A wonderfully inventive story of girl power that’s like a blend of Kiki’s Delivery Service, The Cat Returns and Harry Potter, Mary and The Witch’s Flower may not be on the level of anime classics like Spirited Away, but it’s a very promising debut for Studio Ponoc.

It’s from director Hiromasa Yonebayashi, who was the key animator on several Miyazki films, including Spirited Away and Howl’s Moving Castle and who made his directing debut with When Marnie Was there.

His latest is a funny, eye-popping film with some terrific sequences, colorful characters, and an endearing heroine.

In this beautifully drawn tale, a young girl named Mary (voiced in the English version by The BFG‘s Ruby Barnhill) is bored silly when she has to move in with her sedate great-aunt Charlotte in a rural town. It’s a week before her new school starts and there’s absolutely nothing to do. And the first time she meets someone her own age, it’s a rude boy named Peter (Louis Ashbourne Serkis, son of Andy Serkis), who makes fun of her unruly red hair.

Things get very interesting when she follows a black cat — which appears to have turned into a gray cat — into the local woods. She soon realizes that there are, in fact, two cats, Tib and Gib, who are actually Peter’s cats. (That is, as the gardener tells her later, if cats can ever really belong to anyone.)

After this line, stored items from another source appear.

Lemma sum_eq_natr (T : finType) (R : nzSemiRingType) (a : T) :
  \sum_k (a == k)%:R = 1 :> R.
Proof.
rewrite (bigD1 a) //= eqxx big1 ?addr0 // => k.
by rewrite eq_sym => /negbTE ->.
Qed.

Lemma sum_ord3 (R : nmodType) (f : 'I_3 -> R) :
  \sum_x f x = f obR + f obP + f obS.
Proof.
rewrite !big_ord_recl big_ord0 addr0 addrA.
by congr (f _ + f _ + f _); apply: val_inj.
Qed.

Section ImbalancedRPS.
Context {R : realType} {m : nat}.
Hypothesis m_gt0 : (0 < m)%N.
Implicit Types (c : profile m) (sg : 'I_3 -> R) (k : 'I_3).

Definition pure k : 'I_3 -> R := fun x => (k == x)%:R.

Definition win_prob sg k : R :=
  \sum_(c : profile m) (\prod_j sg (c j)) * (winner c == k)%:R.

Lemma cnt_gt0 c k : (0 < cnt c k)%N = [exists j, c j == k].
Proof. by apply/card_gt0P/existsP => -[j]; exists j; rewrite inE in p *. Qed.

Lemma cnt_natr c k : (cnt c k)%:R = \sum_i (c i == k)%:R :> R.
Proof.
rewrite /cnt -sum1dep_card natr_sum big_mkcond /=.
by apply: eq_bigr => i _; case: (c i == k).
Qed.

Lemma sum_cnt c : \sum_k (cnt c k)%:R = m%:R :> R.
Proof.
under eq_bigr do rewrite cnt_natr.
rewrite exchange_big /=; under eq_bigr do rewrite sum_eq_natr.
by rewrite sumr_const card_ord.
Qed.

Lemma present_some c :
  [|| [exists j, c j == obR], [exists j, c j == obP] | [exists j, c j == obS]].
Proof.
pose i0 := Ordinal m_gt0.
have : [|| c i0 == obR, c i0 == obP | c i0 == obS] by case: (c i0) => [[|[|[|]]]].
by case/or3P => present; apply/or3P; [constructor 1|constructor 2|constructor 3];
  apply/existsP; exists i0.
Qed.

Ltac winner_cases c :=
  have := present_some c; rewrite /winner !cnt_gt0;
  case hR : [exists j, c j == obR]; case hP : [exists j, c j == obP];
  case hS : [exists j, c j == obS].

Lemma winner_cnt_gt0 c : (0 < cnt c (winner c))%N.
Proof. by winner_cases c. Qed.

Lemma winner_eqS c :
  (winner c == obS) = [exists j, c j == obS] && ~~ [exists j, c j == obR].
Proof. by winner_cases c. Qed.

Lemma winner_eqP c :
  (winner c == obP) = [exists j, c j == obP] && ~~ [exists j, c j == obS].
Proof. by winner_cases c. Qed.

Lemma sum_payoff_at c k :
  \sum_i (c i == k)%:R * payoff R c i = m%:R * (winner c == k)%:R - (cnt c k)%:R.
Proof.
rewrite /payoff; have [->|kNw] := eqVneq k (winner c).
  set n := cnt c (winner c).
  have n_gt0 : n%:R != 0 :> R by rewrite pnatr_eq0 -lt0n winner_cnt_gt0.
  transitivity (n%:R * ((m - n)%:R / n%:R) : R).
    rewrite cnt_natr mulr_suml; apply: eq_bigr => i _.
    by case: eqP; rewrite ?mul0r ?mul1r.
  rewrite mulrCA mulfV // !mulr1 natrB //.
  by apply: leq_trans (max_card _) _; rewrite card_ord.
rewrite mulr0n mulr0 sub0r (cnt_natr c k) -sumrN; apply: eq_bigr => i _.
by case: eqP => [->|]; rewrite ?(negbTE kNw) ?mul1r ?mul0r ?oppr0.
Qed.

Lemma sum_payoff c : \sum_i payoff R c i = 0.
Proof.
transitivity (\sum_i \sum_k (c i == k)%:R * payoff R c i).
  by apply: eq_bigr => i _; rewrite -mulr_suml sum_eq_natr mul1r.
rewrite exchange_big /=; under eq_bigr do rewrite sum_payoff_at.
by rewrite sumrB -mulr_sumr sum_eq_natr mulr1 sum_cnt subrr.
Qed.

Lemma exp_payoff_self sg i :
  exp_payoff i sg sg = \sum_(c : profile m) (\prod_j sg (c j)) * payoff R c i.
Proof. by apply: eq_bigr => c _; rewrite [in RHS](bigD1 i). Qed.

Lemma exp_payoff_pure sg i k :
  sg k * exp_payoff i (pure k) sg
  = \sum_(c : profile m) (\prod_j sg (c j)) * ((c i == k)%:R * payoff R c i).
Proof.
rewrite mulr_sumr; apply: eq_bigr => c _; rewrite [in RHS](bigD1 i) //= /pure.
by have [->|_] := eqVneq (c i) k; rewrite ?mul0r ?mulr0 // !mul1r mulrA.
Qed.

Lemma sum_exp_payoff_self sg : \sum_(i < m) exp_payoff i sg sg = 0.
Proof.
under eq_bigr do rewrite exp_payoff_self.
rewrite exchange_big big1 // => c _.
by rewrite -mulr_sumr sum_payoff mulr0.
Qed.

Lemma sum_exp_payoff_pure sg k : \sum_x sg x = 1 ->
  \sum_(i < m) sg k * exp_payoff i (pure k) sg = m%:R * (win_prob sg k - sg k).
Proof.
move=> sg_sum1; under eq_bigr do rewrite exp_payoff_pure.
rewrite exchange_big /=.
under eq_bigr do rewrite -mulr_sumr sum_payoff_at mulrBr.
rewrite sumrB mulrBr /win_prob mulr_sumr; congr (_ - _).
  by apply: eq_bigr => c _; rewrite mulrCA.
under eq_bigr do rewrite cnt_natr mulr_sumr.
rewrite exchange_big /=; under eq_bigr do rewrite sum_prod_marginal //.
by rewrite sumr_const card_ord mulr_natl.
Qed.

Lemma symNE_win_prob_le sg k : symNE m sg -> win_prob sg k <= sg k.
Proof.
move=> [[sg_ge0 sg_sum1] sgNE].
have pure_mixed : is_mixed (pure k).
  by split=> [x|]; [exact: ler0n | exact: sum_eq_natr].
have : \sum_(i < m) sg k * exp_payoff i (pure k) sg
       <= \sum_(i < m) sg k * exp_payoff i sg sg.
  by apply: ler_sum => i _; rewrite ler_wpM2l // sgNE.
rewrite sum_exp_payoff_pure // -mulr_sumr sum_exp_payoff_self mulr0.
by rewrite pmulr_rle0 ?ltr0n // subr_le0.
Qed.

Lemma sum_win_prob sg : \sum_x sg x = 1 -> \sum_k win_prob sg k = 1.
Proof.
move=> sg_sum1; rewrite exchange_big /=.
under eq_bigr do rewrite -mulr_sumr sum_eq_natr mulr1.
exact: sum_prod1.
Qed.

Lemma symNE_win_prob sg k : symNE m sg -> win_prob sg k = sg k.
Proof.
move=> sgNE; have [[_ sg_sum1] _] := sgNE.
have sum0 : \sum_x (sg x - win_prob sg x) = 0.
  by rewrite sumrB sg_sum1 sum_win_prob ?subrr.
apply/eqP; rewrite eq_sym -subr_eq0; apply/eqP.
by apply: (psumr_eq0P _ sum0) => // x _; rewrite subr_ge0 symNE_win_prob_le.
Qed.

Lemma win_probS sg : win_prob sg obS = (sg obP + sg obS) ^+ m - sg obP ^+ m.
Proof.
rewrite /win_prob; under eq_bigr do rewrite winner_eqS.
rewrite sum_prod_exists_absent.
by rewrite big_mkcond sum_ord3 big_mkcond sum_ord3 /= add0r !addr0.
Qed.

Lemma win_probP sg : win_prob sg obP = (sg obR + sg obP) ^+ m - sg obR ^+ m.
Proof.
rewrite /win_prob; under eq_bigr do rewrite winner_eqP.
rewrite sum_prod_exists_absent.
by rewrite big_mkcond sum_ord3 big_mkcond sum_ord3 /= !addr0.
Qed.

End ImbalancedRPS.

Lemma subrXX_le {R : numDomainType} (a b : R) n : 0 <= b <= a ->
  a ^+ n - b ^+ n <= (a - b) * (n%:R * a ^+ n.-1).
Proof.
move=> /andP[b_ge0 ba]; have a_ge0 := le_trans b_ge0 ba.
rewrite subrXX ler_wpM2l ?subr_ge0 // mulr_natl.
rewrite -[X in _ *+ X](card_ord n) -sumr_const.
apply: ler_sum => i _; have i_lt := ltn_ord i.
have -> : a ^+ n.-1 = a ^+ (n.-1 - i) * a ^+ i by rewrite -exprD subnK //; lia.
by rewrite ler_wpM2l ?exprn_ge0 // lerXn2r.
Qed.

Lemma expr_eq_id {R : numDomainType} (x : R) n : (1 < n)%N -> 0 <= x ->
  x ^+ n = x -> x = 0 \/ x = 1.
Proof.
move=> n_gt1 x_ge0; case: n n_gt1 => // n n_gt0; rewrite exprS => e.
have [->|x_neq0] := eqVneq x 0; [by left | right].
apply/eqP; rewrite -(pexpr_eq1 n_gt0 x_ge0); apply/eqP.
by apply: (mulfI x_neq0); rewrite e mulr1.
Qed.

Lemma succn_lt_exp2 n : (1 < n)%N -> (n.+1 < 2 ^ n)%N.
Proof.
elim: n => [//|n IH]; case: n IH => [//|[//|n]] IH _.
rewrite expnS; have := IH isT; lia.
Qed.

Lemma bin2_mul2 n : ('C(n, 2) * 2 = n * n.-1)%N.
Proof.
elim: n => [//|n IH]; rewrite binS bin1 mulnDl IH; case: n {IH} => //= n; lia.
Qed.

Lemma bin2_le_exprD1 {R : numDomainType} (r : R) n : 0 <= r ->
  (n * n.-1)%:R * r ^+ 2 <= 2 * (1 + r) ^+ n.
Proof.
move=> r_ge0; case: n => [|[|n]];
  rewrite ?mul0r ?mulr_ge0 ?exprn_ge0 ?addr_ge0 //.
rewrite addrC exprD1n (bigD1 (@Ordinal n.+3 2 isT)) //= -bin2_mul2 natrM.
rewrite mulrAC [_ * 2]mulrC ler_pM2l ?ltr0n // mulr_natl lerDl sumr_ge0 // => i _.
by rewrite mulrn_wge0 // exprn_ge0.
Qed.

Lemma subrXX_eq_ge1 {R : numDomainType} (a b : R) n : 0 <= b < a ->
  a ^+ n - b ^+ n = a - b -> 1 <= n%:R * a ^+ n.-1.
Proof.
move=> /andP[b_ge0 ba] eq_ab; have : 0 <= b <= a by rewrite b_ge0 ltW.
by move/(subrXX_le a b n); rewrite eq_ab -{1}[a - b]mulr1 ler_pM2l ?subr_gt0.
Qed.

Lemma natr_exprn_half_lt1 {R : realFieldType} (x : R) n : (3 <= n)%N ->
  0 <= x <= 2^-1 -> n%:R * x ^+ n.-1 < 1.
Proof.
move=> n_ge3 /andP[x_ge0 x_half].
have two_x : (2 * x) ^+ n.-1 <= 1 by apply: exprn_ile1; lra.
have n_lt : n%:R < 2 ^+ n.-1 :> R.
  by rewrite -natrX ltr_nat -{1}(prednK (_ : 0 < n)%N) ?succn_lt_exp2 //; lia.
rewrite -(ltr_pM2l (_ : 0 < 2 ^+ n.-1)) ?exprn_gt0 // mulr1 mulrCA -exprMn.
by apply: le_lt_trans n_lt; rewrite ler_piMr.
Qed.

Lemma exprD1_le {R : realFieldType} (r c : R) k : 0 <= r <= 1 ->
  1 <= c * (1 - r) ^+ k -> (1 + r) ^+ k <= c.
Proof.
move=> /andP[r_ge0 r_le1] one_le.
have pow_ge0 : 0 <= (1 - r) ^+ k by rewrite exprn_ge0 // subr_ge0.
have c_ge0 : 0 <= c by rewrite leNgt; apply/negP => c_lt0; nra.
apply: le_trans (_ : (1 + r) ^+ k * (c * (1 - r) ^+ k) <= _).
  by rewrite ler_peMr ?exprn_ge0 //; lra.
by rewrite mulrCA -exprMn ler_piMr // exprn_ile1 //; nra.
Qed.

Lemma sqr_le_of_exprD1_le {R : realFieldType} (r : R) n : (3 <= n)%N -> 0 <= r ->
  (1 + r) ^+ n.-1 <= n%:R -> (n%:R - 2) * r ^+ 2 <= 3.
Proof.
case: n => [|[|[|k]]] // _ r_ge0 pow_le; have := bin2_le_exprD1 r k.+2 r_ge0.
rewrite /= -[k.+3]addn3 -[k.+2]addn2 -[k.+1]addn1 !natrM !natrD in pow_le *.
have k_ge0 : 0 <= k%:R :> R by [].
nra.
Qed.

Section WinEquations.
Context {R : realFieldType} {m : nat} {r p s : R}.

Lemma win_equations_degenerate : (1 < m)%N -> 0 <= r -> 0 <= s -> r + p + s = 1 ->
  s = (p + s) ^+ m - p ^+ m -> p = (r + p) ^+ m - r ^+ m ->
  s = 0 \/ p = 0 -> [\/ r = 1, p = 1 | s = 1].
Proof.
move=> m_gt1 r_ge0 s_ge0 rps1 s_win p_win [s0|p0].
  have : r ^+ m = r by move: p_win; rewrite (_ : r + p = 1) ?expr1n; lra.
  by case/expr_eq_id => // r_eq; [constructor 2|constructor 1]; lra.
have : s ^+ m = s by move: s_win; rewrite p0 add0r expr0n -(subnKC m_gt1) /=; lra.
by case/expr_eq_id => // s_eq; [constructor 1|constructor 3]; lra.
Qed.

Lemma win_equations_s_le_2r : (3 <= m)%N -> 0 <= r -> 0 < p -> 0 <= s ->
  r + p + s = 1 -> p = (r + p) ^+ m - r ^+ m -> s <= 2 * r.
Proof.
move=> m_ge3 r_ge0 p_gt0 s_ge0 rps1 p_win.
have rp_half : 2^-1 < r + p.
  rewrite ltNge; apply/negP => rp_le; have : 0 <= r + p <= 2^-1 by lra.
  move/(natr_exprn_half_lt1 _ _ m_ge3); rewrite ltNge (subrXX_eq_ge1 _ r m) //.
    by rewrite r_ge0 ltrDl.
  by rewrite -p_win addrC addKr.
have : p <= (r + p) ^+ 2.
  apply: le_trans (_ : (r + p) ^+ m <= _).
    by rewrite [X in X <= _]p_win gerBl exprn_ge0.
  by apply: ler_wiXn2l; [lra|lra|lia].
rewrite expr2; nra.
Qed.

Lemma win_equations_r_sq : (3 <= m)%N -> 0 <= r -> 0 <= p -> 0 < s ->
  r + p + s = 1 -> s = (p + s) ^+ m - p ^+ m -> (m%:R - 2) * r ^+ 2 <= 3.
Proof.
move=> m_ge3 r_ge0 p_ge0 s_gt0 rps1 s_win.
apply: sqr_le_of_exprD1_le => //; apply: exprD1_le; first by lra.
rewrite (_ : 1 - r = p + s); last by lra.
apply: (subrXX_eq_ge1 _ p); first by rewrite p_ge0 ltrDl.
by rewrite -s_win addrC addKr.
Qed.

She also finds a glowing blue plant, the witch’s flower, which grants her magical powers. Like many classic children’s stories, the magic lasts only day, however.

That’s enough time for her (and her new familiar, black cat Tib) to be whisked away to a school for witches, where her temporary powers make her appear to be the most talented student they’ve ever met.

Since she can’t seem to do anything right in the real world, being hailed as a prodigy (and admired for her wild red hair) is the best thing that’s ever happened to Mary.

But there’s a dark side to the school and Mary finds that her one trip has set a chain of events in motion that require great heroism, loyalty and imagination to fix.

It’s hard not to evoke Harry Potter when creating a magic school, although the book this film is based on was written in 1971, long before anyone heard of J.K. Rowling. (Mary Stewart also wrote a Merlin trilogy and The Moon-Spinners, which became a 1964 Disney movie starring Hayley Mills.)

Mary’s attempts at broom riding and Tib’s constant comments (he doesn’t speak, although he always has a lot to say), provide much of the film’s humor, as does an amusing character voiced by Scottish actor Ewen Bremner.

Kate Winslet voices the school’s intimidating head mistress and Jim Broadbent is the eccentric professor with questionable ethics. Since Broadbent was also Horace Slughorn in the Harry Potter films, that can’t help but add to the Hogwarts connections.

The name of the witch’s school, by the way? Endor, surely inspired by the Biblical Witch of Endor. (And not anything George Lucas ever wrote.)